My daughter is also an Asian-American adoptee, and also very bright. She just turned 6. We have found similar acting out behaviors (although she is pretty shy so does it more at home than in public). She came to us when she was only 4 months old, so I have never had deep concerns about attachment, but sometimes I wonder if she is acting out to test just whether we will be there even if she is naughty. Even as we are imposing consequences, we remind her as Passthepotatoes suggests that she had a bad day, there are consequences for behavior, but that we love her no matter what. Whether this is working, I really can't tell (she still has some big blowups which are unlike anything my DS ever had).

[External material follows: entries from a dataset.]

(* Assume $B$ is connected and let $n\ge1$. For a $\mathbb{K}$-linear map $\varphi\colon A\to B$ the following are equivalent: (i) for every $a\in A$, $R_\varphi(a,z)$ is a polynomial in $z$ of degree at most $n$, and it has degree exactly $n$ for some $a\in A$; (ii) $\varphi$ is a Frobenius $n$-homomorphism.
   Context: $\mathbb{K}=\mathbb{R}$ or $\mathbb{C}$; $A$ and $B$ are commutative associative unital $\mathbb{K}$-algebras. For a $\mathbb{K}$-linear map $\varphi\colon A\to B$ and $a\in A$, the characteristic function is $R_\varphi(a,z)=\exp\bigl(\varphi(\ln(1+az))\bigr)=1+\sum_{k\ge1}\psi_k(a)z^k\in B[[z]]$, with $\ln(1+az)=\sum_{k\ge1}(-1)^{k+1}a^kz^k/k$ and $\varphi$ applied coefficientwise. The Frobenius maps $\Phi_k\colon A^k\to B$ of $\varphi$ are defined by $\Phi_1=\varphi$ and $\Phi_{k+1}(a_1,\dots,a_{k+1})=\varphi(a_1)\Phi_k(a_2,\dots,a_{k+1})-\sum_{j=2}^{k+1}\Phi_k(a_2,\dots,a_{j-1},a_1a_j,a_{j+1},\dots,a_{k+1})$. A linear map $\varphi$ is a (Frobenius) $n$-homomorphism if $\varphi(1)=n\cdot1_B$ and $\Phi_k\equiv0$ for all $k\ge n+1$. The algebra $B$ is connected if for every $b\in B$ and $k\ge0$, $b(b-1)\cdots(b-k)=0$ implies $b=j\cdot1_B$ for some $j\in\{0,\dots,k\}$. *)

From HB Require Import structures.
From mathcomp Require Import all_boot all_order all_algebra.
Set Implicit Arguments. Unset Strict Implicit. Unset Printing Implicit Defensive.
Import Order.TTheory GRing.Theory Num.Theory.
Local Open Scope ring_scope.

Section Frob.
Variables (K : numFieldType) (A B : comAlgType K) (phi : {linear A -> B}).
Lemma blockavg_cv N blk u L p q : mcv N u L -> Un_cv (fun K => blockavg N blk (u K) p q) (blockavg N blk L p q).
Proof.
intros H. unfold blockavg. apply cv_scal. apply cv_rsum. intros i Hi. apply cv_rsum. intros j Hj.
destruct (andb _ _); [apply H; auto | apply cv_const].
Qed.

Lemma bsize_pos N b blk p : is_partition N b blk -> (p < b)%nat -> 0 < bsize N blk p.
Proof.
intros [_ H] Hp. destruct (H p Hp) as [i [Hi Hbi]]. unfold bsize.
eapply Rlt_le_trans; [|apply (rsum_term_le N _ i)]; auto.
- cbv beta. rewrite Hbi, Nat.eqb_refl. lra.
- intros k. cbv beta. destruct (Nat.eqb _ _); lra.
Qed.

Definition diagm (d : nat -> R) : mat := fun p q => if Nat.eqb p q then d p else 0.

Lemma mmul_diagm b d e : meq b (mmul b (diagm d) (diagm e)) (diagm (fun p => d p * e p)).
Proof.
intros p q Hp Hq. unfold mmul, diagm.
rewrite (rsum_ext b _ (fun k => if Nat.eqb k p then d p * (if Nat.eqb k q then e k else 0) else 0)).
- rewrite (rsum_delta b p (fun k => d p * (if Nat.eqb k q then e k else 0))) by auto.
  destruct (Nat.eqb p q); ring.
- intros k _. rewrite Nat.eqb_sym. destruct (Nat.eqb_spec k p); subst; ring.
Qed.

Lemma diagm_mid b d : (forall p, (p < b)%nat -> d p = 1) -> meq b (diagm d) mid.
Proof. intros H p q Hp Hq. unfold diagm, mid. destruct (Nat.eqb_spec p q); subst; auto. Qed.

Lemma mtr_diagm d : mtr (diagm d) = diagm d.
Proof.
extensionality p; extensionality q. unfold mtr, diagm.
destruct (Nat.eqb_spec q p), (Nat.eqb_spec p q); subst; auto; lia.
Qed.

Section BlockSizes.
Variables (N b : nat) (blk : nat -> nat).
Hypotheses (Hpart : is_partition N b blk) (HN : (0 < N)%nat).

Lemma Emat_diagm : Emat N blk = diagm (fun p => bsize N blk p / INR N). Proof. reflexivity. Qed.
Lemma Einv_diagm : Einv N blk = diagm (fun p => INR N / bsize N blk p). Proof. reflexivity. Qed.

Lemma E_Einv : meq b (mmul b (Emat N blk) (Einv N blk)) mid.
Proof.
rewrite Emat_diagm, Einv_diagm, mmul_diagm. apply diagm_mid. intros p Hp.
pose proof (bsize_pos N b blk p Hpart Hp). assert (0 < INR N) by (apply lt_0_INR; lia).
field. split; lra.
Qed.

Lemma Einv_E : meq b (mmul b (Einv N blk) (Emat N blk)) mid.
Proof.
rewrite Emat_diagm, Einv_diagm, mmul_diagm. apply diagm_mid. intros p Hp.
pose proof (bsize_pos N b blk p Hpart Hp). assert (0 < INR N) by (apply lt_0_INR; lia).
field. split; lra.
Qed.

(* The zeroth moment is E^-1, since <I>_B = diag(1/N_p). *)
Lemma mu_0_0 W : meq b (mu N blk W 0 0) (Einv N blk).
Proof.
intros p q Hpb Hqb. unfold mu, blockavg. simpl mpow.
rewrite (rsum_ext N _ (fun i => if Nat.eqb (blk i) p then (if Nat.eqb (blk i) q then 1 else 0) else 0)).
- unfold Einv. pose proof (bsize_pos N b blk p Hpart Hpb). assert (0 < INR N) by (apply lt_0_INR; lia).
  destruct (Nat.eqb_spec p q).
  + subst. rewrite (rsum_ext N _ (fun i => if Nat.eqb (blk i) q then 1 else 0)).
    * fold (bsize N blk q). rewrite Nat.add_0_l, pow_O. field. lra.
    * intros i _. destruct (Nat.eqb (blk i) q); auto.
  + rewrite rsum_zero; [ring|]. intros i _.
    destruct (Nat.eqb_spec (blk i) p); destruct (Nat.eqb_spec (blk i) q); auto; lia.
- intros i Hi.
  rewrite (rsum_ext N _ (fun j => if Nat.eqb j i then (if (Nat.eqb (blk i) p && Nat.eqb (blk j) q)%bool then 1 else 0) else 0)).
  + rewrite (rsum_delta N i (fun j => if (Nat.eqb (blk i) p && Nat.eqb (blk j) q)%bool then 1 else 0)); auto.
    destruct (Nat.eqb (blk i) p); auto.
  + intros j Hj. rewrite mmul_mid_l by auto. unfold mid. rewrite (Nat.eqb_sym i j).
    destruct (Nat.eqb_spec j i); subst; destruct (andb _ _); auto.
Qed.
End BlockSizes.

Lemma mu_0_m N blk W m p q : mu N blk W 0 m p q = mu N blk W m 0 q p.
Proof.
unfold mu. rewrite Nat.add_0_l, Nat.add_0_r. f_equal.
unfold blockavg. rewrite Rmult_comm with (r1 := bsize N blk p). f_equal.
rewrite rsum_swap. apply rsum_ext; intros j Hj. apply rsum_ext; intros i Hi.
rewrite Bool.andb_comm. destruct (andb _ _); auto.
simpl mpow at 1. simpl mpow at 2.
rewrite mmul_mid_l, mmul_mid_r by auto. rewrite (mpow_mtr N W m i j Hi Hj). reflexivity.
Qed.

Definition unitm i j : mat := fun p q => if (Nat.eqb p i && Nat.eqb q j)%bool then 1 else 0.

Lemma unit_sandwich b A i j : (i < b)%nat -> (j < b)%nat ->
  mmul b (mmul b (unitm i i) A) (unitm j j) = mscale (A i j) (unitm i j).
Proof.
intros Hi Hj. extensionality p; extensionality q. unfold mmul, mscale, unitm.
assert (Hrow : forall k, rsum b (fun l => (if (Nat.eqb p i && Nat.eqb l i)%bool then 1 else 0) * A l k) =
   if Nat.eqb p i then A i k else 0).
{ intros k. destruct (Nat.eqb p i); simpl.
  - rewrite (rsum_ext b _ (fun l => if Nat.eqb l i then A l k else 0)).
    + apply (rsum_delta b i (fun l => A l k)); auto.
    + intros l _. destruct (Nat.eqb l i); ring.
  - apply rsum_zero. intros; ring. }
rewrite (rsum_ext b _ (fun k => (if Nat.eqb p i then A i k else 0) *
   (if (Nat.eqb k j && Nat.eqb q j)%bool then 1 else 0))) by (intros; rewrite Hrow; auto).
destruct (Nat.eqb p i); destruct (Nat.eqb q j); simpl;
  [| rewrite Rmult_0_r; apply rsum_zero; intros k _; destruct (Nat.eqb k j); simpl; ring
   | rewrite Rmult_0_r; apply rsum_zero; intros k _; ring
   | rewrite Rmult_0_r; apply rsum_zero; intros k _; ring].
rewrite (rsum_ext b _ (fun k => if Nat.eqb k j then A i k else 0)).
- rewrite (rsum_delta b j (fun k => A i k)); auto. ring.
- intros k _. destruct (Nat.eqb k j); simpl; ring.
Qed.

Section Norm.
Variables (b : nat) (nrm : mat -> R).
Hypothesis Hn : is_submult_norm b nrm.

Lemma nrm_meq A B : meq b A B -> nrm A = nrm B.
Proof. destruct Hn as [H _]. intros E. apply H. exact E. Qed.
Lemma nrm_pos A : 0 <= nrm A. Proof. destruct Hn as [_ [H _]]. apply H. Qed.
Lemma nrm_scale c A : nrm (mscale c A) = Rabs c * nrm A. Proof. destruct Hn as [_ [_ [_ [H _]]]]. apply H. Qed.
Lemma nrm_add A B : nrm (madd A B) <= nrm A + nrm B. Proof. destruct Hn as [_ [_ [_ [_ [H _]]]]]. apply H. Qed.
Lemma nrm_mul A B : nrm (mmul b A B) <= nrm A * nrm B. Proof. destruct Hn as [_ [_ [_ [_ [_ H]]]]]. apply H. Qed.

Lemma nrm_zero : nrm mzero = 0.
Proof.
replace mzero with (mscale 0 mzero); [rewrite nrm_scale, Rabs_R0; ring|].
extensionality i; extensionality j. unfold mscale, mzero. ring.
Qed.

Lemma nrm_msum K F : nrm (msum K F) <= rsum K (fun k => nrm (F k)).
Proof.
induction K; simpl.
- replace (msum 0 F) with mzero; [rewrite nrm_zero; lra|]. extensionality i; extensionality j. reflexivity.
- change (msum (S K) F) with (madd (msum K F) (F K)).
  eapply Rle_trans; [apply nrm_add|]. lra.
Qed.

(* Every entry is controlled by the norm (all norms on b x b matrices are
   equivalent; here directly via unit_sandwich). *)
Lemma entry_bound i j : (i < b)%nat -> (j < b)%nat ->
  exists C, 0 <= C /\ forall A, Rabs (A i j) <= C * nrm A.
Proof.
intros Hi Hj.
assert (Hu : 0 < nrm (unitm i j)).
{ destruct (nrm_pos (unitm i j)) as [H|H]; auto. exfalso.
  destruct Hn as [_ [_ [Hd _]]]. specialize (Hd _ (eq_sym H) i j Hi Hj). unfold unitm in Hd.
  rewrite !Nat.eqb_refl in Hd. simpl in Hd. lra. }
exists (nrm (unitm i i) * nrm (unitm j j) / nrm (unitm i j)). split.
{ unfold Rdiv. apply Rmult_le_pos; [apply Rmult_le_pos; apply nrm_pos | left; apply Rinv_0_lt_compat; auto]. }
intros A.
assert (H1 : Rabs (A i j) * nrm (unitm i j) <= nrm (unitm i i) * nrm A * nrm (unitm j j)).
{ rewrite <- nrm_scale, <- (unit_sandwich b A i j Hi Hj). eapply Rle_trans; [apply nrm_mul|].
  apply Rmult_le_compat_r; [apply nrm_pos | apply nrm_mul]. }
apply (Rmult_le_reg_r (nrm (unitm i j))); auto. unfold Rdiv.
replace (nrm (unitm i i) * nrm (unitm j j) * / nrm (unitm i j) * nrm A * nrm (unitm i j))
  with (nrm (unitm i i) * nrm A * nrm (unitm j j)) by (field; lra). auto.
Qed.

Lemma mabs1_of_nrm (a : nat -> mat) B : (forall K, rsum K (fun k => nrm (a k)) <= B) -> mabs1 b a.
Proof.
intros HB i j Hi Hj. destruct (entry_bound i j Hi Hj) as [C [HC HCb]].
exists (C * B). intros K. apply Rle_trans with (C * rsum K (fun k => nrm (a k))).
- rewrite <- rsum_scal_l. apply rsum_le. intros. apply HCb.
- apply Rmult_le_compat_l; auto.
Qed.

Lemma mabs2_of_nrm (z : nat -> nat -> mat) B :
  (forall K, box K (fun k l => nrm (z k l)) <= B) -> mabs2 b z.
Proof.
intros HB i j Hi Hj. destruct (entry_bound i j Hi Hj) as [C [HC HCb]].
exists (C * B). intros K. apply Rle_trans with (C * box K (fun k l => nrm (z k l))).
- rewrite box_scal_l. apply box_le. intros. apply HCb.
- apply Rmult_le_compat_l; auto.
Qed.

Section GeometricBound.
Variables (Y : nat -> mat) (g s : R).
Hypotheses (Hs1 : s < 1) (Hs : forall K, rsum K (fun n => Rabs g ^ S n * nrm (Y (S n))) <= s).

Let a n := nrm (mscale (g ^ n) (csum b Y n)).
Let beta k := Rabs g ^ S k * nrm (Y (S k)).

Lemma csum_norm_recursion n : a (S n) <= rsum (S n) (fun k => beta k * a (n - k)%nat).
Proof.
unfold a. rewrite csum_S, <- msum_mscale.
eapply Rle_trans; [apply nrm_msum|]. apply rsum_le. intros k Hk.
replace (g ^ S n) with (g ^ S k * g ^ (n - k)) by (rewrite <- pow_add; f_equal; lia).
replace (mscale (g ^ S k * g ^ (n - k)) (mmul b (Y (S k)) (csum b Y (n - k))))
  with (mmul b (mscale (g ^ S k) (Y (S k))) (mscale (g ^ (n - k)) (csum b Y (n - k)))).
- eapply Rle_trans; [apply nrm_mul|]. unfold beta. rewrite nrm_scale, RPow_abs. lra.
- rewrite mmul_mscale_l, mmul_mscale_r, mscale_mscale. f_equal; ring.
Qed.

Lemma csum_norm_bound K : rsum K (fun n => nrm (mscale (g ^ n) (csum b Y n))) <= nrm mid / (1 - s).
Proof.
fold a.
assert (Ha0 : a 0%nat = nrm mid) by (unfold a; rewrite csum_0, nrm_scale; simpl; rewrite Rabs_R1; ring).
assert (Hapos : forall n, 0 <= a n) by (intros; apply nrm_pos).
assert (Hbpos : forall n, 0 <= beta n) by (intros; apply Rmult_le_pos; [apply pow_le, Rabs_pos | apply nrm_pos]).
assert (Hrec : rsum (S K) a <= a 0%nat + s * rsum (S K) a).
{ rewrite (rsum_S_l K a) at 1. apply Rplus_le_compat_l.
  eapply Rle_trans; [apply rsum_le; intros n _; apply csum_norm_recursion|].
  rewrite (rsum_antidiag K (fun p i => beta i * a p)).
  apply Rle_trans with (box K (fun p i => a p * beta i)).
  { apply box_le; intros p i _ _. pose proof (ind01 (Nat.ltb (p + i) K)).
    assert (0 <= beta i * a p) by (apply Rmult_le_pos; auto). nra. }
  rewrite <- rsum_prod, Rmult_comm.
  assert (HsK : rsum K beta <= s) by apply Hs.
  apply Rmult_le_compat; auto; [apply rsum_nonneg; auto | apply rsum_nonneg; auto | apply rsum_mono; auto]. }
apply Rle_trans with (rsum (S K) a); [apply rsum_mono; auto|].
apply (Rmult_le_reg_r (1 - s)); [lra|]. unfold Rdiv.
rewrite Rmult_assoc, Rinv_l by lra. lra.
Qed.
End GeometricBound.
End Norm.

(** * The resolvent identity *)

(* L_n = g^n csum n and K_k = g^(k+1) Y_(k+1): the series sum_n L_n is the
   inverse of I - sum_k K_k, because L_(m+1) = sum_k K_k L_(m-k)
   = sum_k L_(m-k) K_k (grouping compositions by first or last part). *)
Definition resolvent_term b (Y : nat -> mat) g n := mscale (g ^ n) (csum b Y n).
Definition kernel_term (Y : nat -> mat) g k := mscale (g ^ S k) (Y (S k)).

Section Resolvent.
Variables (b : nat) (Y : nat -> mat) (g : R).
Let L := resolvent_term b Y g.
Let Kt := kernel_term Y g.

Lemma resolvent_term_0 : L 0%nat = mid.
Proof. unfold L, resolvent_term. rewrite csum_0. extensionality i; extensionality j. unfold mscale. simpl. ring. Qed.

Lemma resolvent_term_S m : L (S m) = msum (S m) (fun k => mmul b (Kt k) (L (m - k)%nat)).
Proof.
unfold L, Kt, resolvent_term, kernel_term. rewrite csum_S, <- msum_mscale.
extensionality i; extensionality j. unfold msum. apply rsum_ext; intros k Hk.
rewrite mmul_mscale_l, mmul_mscale_r. unfold mscale.
replace (g ^ S m) with (g ^ S k * g ^ (m - k)) by (rewrite <- pow_add; f_equal; lia). ring.
Qed.

Lemma resolvent_term_S_last m : meq b (L (S m)) (msum (S m) (fun k => mmul b (L (m - k)%nat) (Kt k))).
Proof.
unfold L, Kt, resolvent_term, kernel_term. rewrite (csum_S_last b Y m), <- msum_mscale.
apply msum_meq. intros k Hk. rewrite mmul_mscale_l, mmul_mscale_r. intros i j _ _. unfold mscale.
replace (g ^ S m) with (g ^ (m - k) * g ^ S k) by (rewrite <- pow_add; f_equal; lia). ring.
Qed.

Variables (Pl Kl : mat).
Hypotheses (HL : mabs1 b L) (HK : mabs1 b Kt)
  (HPl : mcv b (fun K => msum K L) Pl) (HKl : mcv b (fun K => msum K Kt) Kl).

Lemma resolvent_tail_cv : mcv b (fun K => msum K (fun m => L (S m))) (madd Pl (mscale (-1) mid)).
Proof.
intros i j Hi Hj. pose proof (CV_minus _ _ _ _ (cv_shift _ _ (HPl i j Hi Hj)) (cv_const (L 0%nat i j))) as H.
rewrite resolvent_term_0 in H.
apply (cv_ext (fun K => msum (S K) L i j - mid i j)).
- intros K. unfold msum. rewrite rsum_S_l, resolvent_term_0. ring.
- unfold madd, mscale. replace (Pl i j + -1 * mid i j) with (Pl i j - mid i j) by ring. exact H.
Qed.

Lemma resolvent_left : meq b (mmul b Kl Pl) (madd Pl (mscale (-1) mid)).
Proof.
eapply mcv_unique; [apply (mcauchy_product_cv b Kt L Kl Pl); auto|].
apply (mcv_ext b (fun K => msum K (fun m => L (S m)))); [|apply resolvent_tail_cv].
intros K i j Hi Hj. unfold msum. apply rsum_ext. intros m Hm. rewrite resolvent_term_S. unfold msum.
rewrite <- (rsum_rev (S m)). apply rsum_ext. intros k Hk. simpl.
rewrite !Nat.sub_0_r. replace (m - (m - k))%nat with k by lia. auto.
Qed.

My MIL, who raised 4 kids, including 2 transracial adoptees, and who is a very wise parent, said that most of the time it is just differences in kids, and to not over think it - meaning that a lot of times you will want to pin behavior on adoption or race, when really it is just a particular kid being a stinker. The fact my daughters blowups almost always occur at bedtime suggest that she is using them as a delay tactic and likely she is tired and more likely to act up (she knows there are many issues that may arise due to adoption, she just is pointing out that usually, they are not related).
We are lucky that we live in a fairly diverse area, so she does she a number of Asian people (including a close family friend and her doctor) although there are not many Asian kids in her school, it is approximately 50% students of color. We have not had any negative discussions about appearance at least.
Good luck!
Thank you for sharing your experience--how wonderful you have family that can be so supportive and has btdt! We adopted dd4 when she was 10 months old, and we are fortunate that it appears she was well cared for so attachment has not been the struggle that I know some families face. However there are still moments (rare) that I know are not "normal" and somehow connected to the early losses she experienced.
I agree that many times APs attribute things to adoption that truly are not adoption related, I think having bio kids as well helps temper some of that for me. I don't want to introduce issues where there are none, but I also want her to always feel comfortable to bring up her concerns re: race and adoption. Being in the extreme minority I think brings up some feelings sooner than otherwise possibly, and if we lived in a diverse place it might be different.
She does have an Asian pediatrician from the Philippines. And I do like her dr. But guess who the other Asian adoptee learned that "Chinese/Japanese..." rhyme from (and then taught it to the other kids), complete with making "chinky" eyes? Yes--the Asian ped. Who also said to the little girls (Chinese) brother--"you look just like your daddy, except for your Chinky eyes"." Seriously. So having Asian dolls and an Asian dr. is not enough.
Thank you for responding, I appreciate it!